## PROBLEM TO SOLVE
Write out exactly the lines of the entries below from the one holding "exists (fun i" to the one holding "(b : 'I_n -> 'I_n", inclusive, and leave out all other lines.

=-=-=-=-=

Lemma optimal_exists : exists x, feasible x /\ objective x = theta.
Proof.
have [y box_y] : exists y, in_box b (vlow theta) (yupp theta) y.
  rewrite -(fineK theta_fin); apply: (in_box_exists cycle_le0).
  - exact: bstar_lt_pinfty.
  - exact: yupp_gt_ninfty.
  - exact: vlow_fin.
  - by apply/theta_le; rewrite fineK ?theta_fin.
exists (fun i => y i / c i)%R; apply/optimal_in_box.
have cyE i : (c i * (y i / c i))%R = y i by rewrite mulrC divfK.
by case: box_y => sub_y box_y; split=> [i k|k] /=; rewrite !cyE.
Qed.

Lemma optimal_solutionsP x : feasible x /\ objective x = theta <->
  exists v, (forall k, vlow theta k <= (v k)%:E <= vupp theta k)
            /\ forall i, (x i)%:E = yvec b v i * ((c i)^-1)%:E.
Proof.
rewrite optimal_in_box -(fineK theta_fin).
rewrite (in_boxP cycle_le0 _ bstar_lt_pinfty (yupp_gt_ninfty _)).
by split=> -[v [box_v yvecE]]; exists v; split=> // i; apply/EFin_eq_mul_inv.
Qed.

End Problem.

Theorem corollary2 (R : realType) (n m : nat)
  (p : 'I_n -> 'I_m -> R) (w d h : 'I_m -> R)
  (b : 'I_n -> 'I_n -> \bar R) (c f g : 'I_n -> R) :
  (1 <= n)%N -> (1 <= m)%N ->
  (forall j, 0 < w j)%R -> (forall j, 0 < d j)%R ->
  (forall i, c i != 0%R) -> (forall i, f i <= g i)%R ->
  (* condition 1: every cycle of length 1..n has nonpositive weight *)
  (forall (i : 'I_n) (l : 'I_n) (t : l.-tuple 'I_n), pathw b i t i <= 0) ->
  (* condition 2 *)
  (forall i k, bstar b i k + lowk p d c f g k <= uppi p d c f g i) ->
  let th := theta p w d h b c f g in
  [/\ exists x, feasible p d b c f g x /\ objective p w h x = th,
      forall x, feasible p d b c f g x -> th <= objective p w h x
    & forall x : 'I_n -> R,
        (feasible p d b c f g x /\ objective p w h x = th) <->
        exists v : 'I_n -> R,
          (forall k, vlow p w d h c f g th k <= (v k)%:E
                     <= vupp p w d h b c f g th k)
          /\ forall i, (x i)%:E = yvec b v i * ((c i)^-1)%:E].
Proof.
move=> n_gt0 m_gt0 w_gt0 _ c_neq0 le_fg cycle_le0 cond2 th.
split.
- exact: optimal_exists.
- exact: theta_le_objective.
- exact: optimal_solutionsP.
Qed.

=-=-=-=-=

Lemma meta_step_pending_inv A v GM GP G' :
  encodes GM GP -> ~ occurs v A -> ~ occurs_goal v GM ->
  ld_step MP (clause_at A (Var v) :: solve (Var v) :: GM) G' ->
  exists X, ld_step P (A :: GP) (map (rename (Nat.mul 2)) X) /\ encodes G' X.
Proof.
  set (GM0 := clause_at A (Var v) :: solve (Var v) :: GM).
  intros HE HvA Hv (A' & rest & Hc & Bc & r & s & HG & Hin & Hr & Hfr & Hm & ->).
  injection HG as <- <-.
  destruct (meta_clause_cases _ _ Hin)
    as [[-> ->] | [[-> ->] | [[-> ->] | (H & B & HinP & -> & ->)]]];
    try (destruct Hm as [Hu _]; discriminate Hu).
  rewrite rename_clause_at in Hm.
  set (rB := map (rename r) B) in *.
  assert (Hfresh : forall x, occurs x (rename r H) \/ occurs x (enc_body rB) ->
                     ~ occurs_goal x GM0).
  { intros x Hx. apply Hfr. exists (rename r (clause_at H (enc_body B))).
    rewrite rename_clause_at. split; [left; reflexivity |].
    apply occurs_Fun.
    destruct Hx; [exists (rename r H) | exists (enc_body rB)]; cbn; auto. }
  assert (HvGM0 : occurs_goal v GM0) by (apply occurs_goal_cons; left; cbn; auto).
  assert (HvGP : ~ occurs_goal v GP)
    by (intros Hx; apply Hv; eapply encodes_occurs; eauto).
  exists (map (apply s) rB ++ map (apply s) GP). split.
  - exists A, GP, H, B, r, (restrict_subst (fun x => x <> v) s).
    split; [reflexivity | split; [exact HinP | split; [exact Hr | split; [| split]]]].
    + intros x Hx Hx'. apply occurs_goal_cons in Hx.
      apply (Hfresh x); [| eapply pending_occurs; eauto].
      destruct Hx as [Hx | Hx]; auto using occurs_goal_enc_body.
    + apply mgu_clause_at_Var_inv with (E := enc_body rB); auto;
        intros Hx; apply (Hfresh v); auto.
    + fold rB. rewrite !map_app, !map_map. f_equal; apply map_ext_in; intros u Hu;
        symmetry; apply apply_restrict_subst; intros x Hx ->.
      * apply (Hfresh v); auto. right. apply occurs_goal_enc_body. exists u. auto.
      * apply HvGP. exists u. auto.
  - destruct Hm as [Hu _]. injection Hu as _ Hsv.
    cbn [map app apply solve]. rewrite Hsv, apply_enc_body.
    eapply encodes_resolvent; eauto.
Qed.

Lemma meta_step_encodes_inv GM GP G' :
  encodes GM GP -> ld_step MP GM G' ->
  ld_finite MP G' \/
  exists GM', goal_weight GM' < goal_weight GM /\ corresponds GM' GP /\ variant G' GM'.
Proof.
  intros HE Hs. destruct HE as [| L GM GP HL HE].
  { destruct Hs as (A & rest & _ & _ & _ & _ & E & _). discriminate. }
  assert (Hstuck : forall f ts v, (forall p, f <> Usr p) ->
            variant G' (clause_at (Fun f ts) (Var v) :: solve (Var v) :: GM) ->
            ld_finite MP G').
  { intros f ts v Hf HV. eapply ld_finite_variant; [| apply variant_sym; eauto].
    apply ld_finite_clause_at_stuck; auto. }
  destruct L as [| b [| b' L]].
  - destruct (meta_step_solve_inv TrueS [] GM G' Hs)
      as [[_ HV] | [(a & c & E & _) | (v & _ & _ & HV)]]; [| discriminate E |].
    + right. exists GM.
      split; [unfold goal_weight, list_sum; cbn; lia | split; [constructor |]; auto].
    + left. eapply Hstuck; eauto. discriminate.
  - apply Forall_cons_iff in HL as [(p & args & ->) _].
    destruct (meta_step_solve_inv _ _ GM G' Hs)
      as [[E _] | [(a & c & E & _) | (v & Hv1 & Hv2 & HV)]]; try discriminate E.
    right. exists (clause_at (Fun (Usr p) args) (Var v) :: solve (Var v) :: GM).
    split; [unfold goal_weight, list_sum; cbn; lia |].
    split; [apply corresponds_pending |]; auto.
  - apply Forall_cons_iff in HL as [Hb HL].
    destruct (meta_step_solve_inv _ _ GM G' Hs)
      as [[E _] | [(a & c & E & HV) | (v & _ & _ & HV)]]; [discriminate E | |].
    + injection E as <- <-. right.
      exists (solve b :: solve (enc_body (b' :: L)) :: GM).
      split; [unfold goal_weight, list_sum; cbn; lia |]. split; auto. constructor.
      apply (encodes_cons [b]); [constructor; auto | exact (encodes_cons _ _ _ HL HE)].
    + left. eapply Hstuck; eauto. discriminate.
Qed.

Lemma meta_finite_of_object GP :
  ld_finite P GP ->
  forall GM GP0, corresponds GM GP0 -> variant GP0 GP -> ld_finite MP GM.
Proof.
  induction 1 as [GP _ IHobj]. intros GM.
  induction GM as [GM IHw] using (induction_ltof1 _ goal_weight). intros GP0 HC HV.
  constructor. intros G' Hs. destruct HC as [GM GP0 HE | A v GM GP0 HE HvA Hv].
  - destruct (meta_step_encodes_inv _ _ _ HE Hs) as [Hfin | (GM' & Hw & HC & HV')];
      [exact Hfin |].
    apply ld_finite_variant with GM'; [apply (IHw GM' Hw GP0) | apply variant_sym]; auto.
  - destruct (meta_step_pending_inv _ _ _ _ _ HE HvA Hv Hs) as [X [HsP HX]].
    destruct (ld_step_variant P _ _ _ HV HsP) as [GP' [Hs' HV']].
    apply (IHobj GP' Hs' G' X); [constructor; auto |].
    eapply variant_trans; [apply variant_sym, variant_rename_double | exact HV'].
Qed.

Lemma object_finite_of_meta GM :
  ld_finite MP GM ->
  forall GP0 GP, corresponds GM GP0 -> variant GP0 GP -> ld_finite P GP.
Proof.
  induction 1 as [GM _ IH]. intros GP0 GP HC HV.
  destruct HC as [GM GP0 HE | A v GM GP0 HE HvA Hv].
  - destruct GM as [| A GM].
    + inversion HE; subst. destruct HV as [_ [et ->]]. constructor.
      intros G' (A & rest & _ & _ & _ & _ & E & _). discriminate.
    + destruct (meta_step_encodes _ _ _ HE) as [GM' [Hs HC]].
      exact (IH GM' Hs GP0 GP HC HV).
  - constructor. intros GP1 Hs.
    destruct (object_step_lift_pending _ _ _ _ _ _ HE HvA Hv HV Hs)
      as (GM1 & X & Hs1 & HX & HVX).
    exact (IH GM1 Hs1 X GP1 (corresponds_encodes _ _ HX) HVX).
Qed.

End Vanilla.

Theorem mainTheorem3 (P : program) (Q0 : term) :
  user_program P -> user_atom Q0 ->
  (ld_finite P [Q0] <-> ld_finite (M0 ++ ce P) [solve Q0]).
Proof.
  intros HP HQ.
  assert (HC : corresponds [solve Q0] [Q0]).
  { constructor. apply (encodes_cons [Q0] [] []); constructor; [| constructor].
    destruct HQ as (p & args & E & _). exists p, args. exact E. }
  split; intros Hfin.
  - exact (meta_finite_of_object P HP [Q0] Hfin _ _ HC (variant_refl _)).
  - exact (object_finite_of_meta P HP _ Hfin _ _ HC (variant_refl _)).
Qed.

=-=-=-=-=

## YOUR SOLUTION
exists (fun i => y i / c i)%R; apply/optimal_in_box.
have cyE i : (c i * (y i / c i))%R = y i by rewrite mulrC divfK.
by case: box_y => sub_y box_y; split=> [i k|k] /=; rewrite !cyE.
Qed.

Lemma optimal_solutionsP x : feasible x /\ objective x = theta <->
  exists v, (forall k, vlow theta k <= (v k)%:E <= vupp theta k)
            /\ forall i, (x i)%:E = yvec b v i * ((c i)^-1)%:E.
Proof.
rewrite optimal_in_box -(fineK theta_fin).
rewrite (in_boxP cycle_le0 _ bstar_lt_pinfty (yupp_gt_ninfty _)).
by split=> -[v [box_v yvecE]]; exists v; split=> // i; apply/EFin_eq_mul_inv.
Qed.

End Problem.

Theorem corollary2 (R : realType) (n m : nat)
  (p : 'I_n -> 'I_m -> R) (w d h : 'I_m -> R)
  (b : 'I_n -> 'I_n -> \bar R) (c f g : 'I_n -> R) :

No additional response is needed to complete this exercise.